Carl Truman, The Rise and Triumph of the Modern Self
Our culture is training us to believe that authenticity is the expression of the essential, internal self. We grow to believe that the world is our stage where we get to perform what is inside us. And all of this training comes through the door with us when we come to church. We assume (often unconsciously) that worship is an opportunity for self-expression based on my preferences. If I want to clap, raise my hands or say “Amen!” then I should be allowed to do so (or do none of them), because that’s what authentic worship means to me.

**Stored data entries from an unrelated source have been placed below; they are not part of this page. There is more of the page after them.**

Lemma work_le_arrival_curve i j t : (1 <= i <= j)%nat -> (j <= K)%nat -> a j <= t ->
  work i j <= (t - a i) * rho + sigma_C.
Proof.
  intros Hij HjK Ht.
  assert (Hai : 0 <= a i) by (apply Ha0; lia).
  assert (Haij := arrival_mono i j Hij HjK).
  unfold work; rewrite <- (sumR_prefix K j) by lia.
  eapply Rle_trans.
  - apply (sumR_le K _ (fun q => (fun n => / C n) (c (S q)) * arrived (a i) t (S q))).
    intros q Hq; cbv beta; unfold arrived.
    assert (Hinv : 0 < / C (c (S q))) by (apply Rinv_0_lt_compat, HC, Hc; lia).
    assert (0 < l (S q)) by (apply Hl; lia).
    destruct (S q <=? j)%nat eqn:Hqj; [apply Nat.leb_le in Hqj|].
    2: destruct (Rle_dec (a i) (a (S q))); [destruct (Rle_dec (a (S q)) t)|]; nra.
    destruct (i <=? S q)%nat eqn:Hiq; [apply Nat.leb_le in Hiq|].
    2: destruct (Rle_dec (a i) (a (S q))); [destruct (Rle_dec (a (S q)) t)|]; nra.
    assert (a i <= a (S q)) by (apply arrival_mono; lia).
    assert (a (S q) <= a j) by (apply arrival_mono; lia).
    destruct (Rle_dec (a i) (a (S q))); [|lra].
    destruct (Rle_dec (a (S q)) t); [|lra].
    unfold Rdiv; rewrite Rmult_comm; lra.
  - eapply Rle_trans.
    + apply (arrived_weighted_le (fun n => / C n)); [|lra|lra].
      intros n Hn; left; apply Rinv_0_lt_compat, HC, Hn.
    + rewrite <- sumR_scal_l, <- sumR_add; right.
      apply sumR_ext; intros; unfold Rdiv; ring.
Qed.

Lemma dep_le_delay j : (1 <= j <= K)%nat -> d j <= a j + sigma_C.
Proof.
  intros Hj; destruct (dep_busy_period j Hj) as [i [Hi ->]].
  pose proof (work_le_arrival_curve i j (a j) Hi ltac:(lia) (Rle_refl _)).
  pose proof (arrival_mono i j Hi ltac:(lia)).
  pose proof rho_nonneg.
  assert ((a j - a i) * rho <= a j - a i) by nra; lra.
Qed.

The church, however, is not a stage upon which we perform and worship is not self-expression. Rather, the church calls us to worship God under His authority and according to His design. When we do this, we worship together as one body, not as a congregation of individual selves. I’m sure you’ve noticed, as I have, that there are occasions when it feels like maybe we should clap. Some folks take full advantage; others do not. The problem is that this disjointed response result in confusion and something less than the full praise God deserves. We should clap together or not at all.
Doxology Transforms
The occasion where the congregation most often wants to clap is following a choral anthem or after special music. Usually we have just heard something exquisite and we rightly want to respond with joy. Do we clap? What do we do? What we do is thank God together as a church. One way to do that well is by singing the doxology together. The doxology is the church’s cooperate expression of gratitude. It allows us to be unified, and as we sing it, it helps transform us away from expressive individualism and more and more into the image of Christ.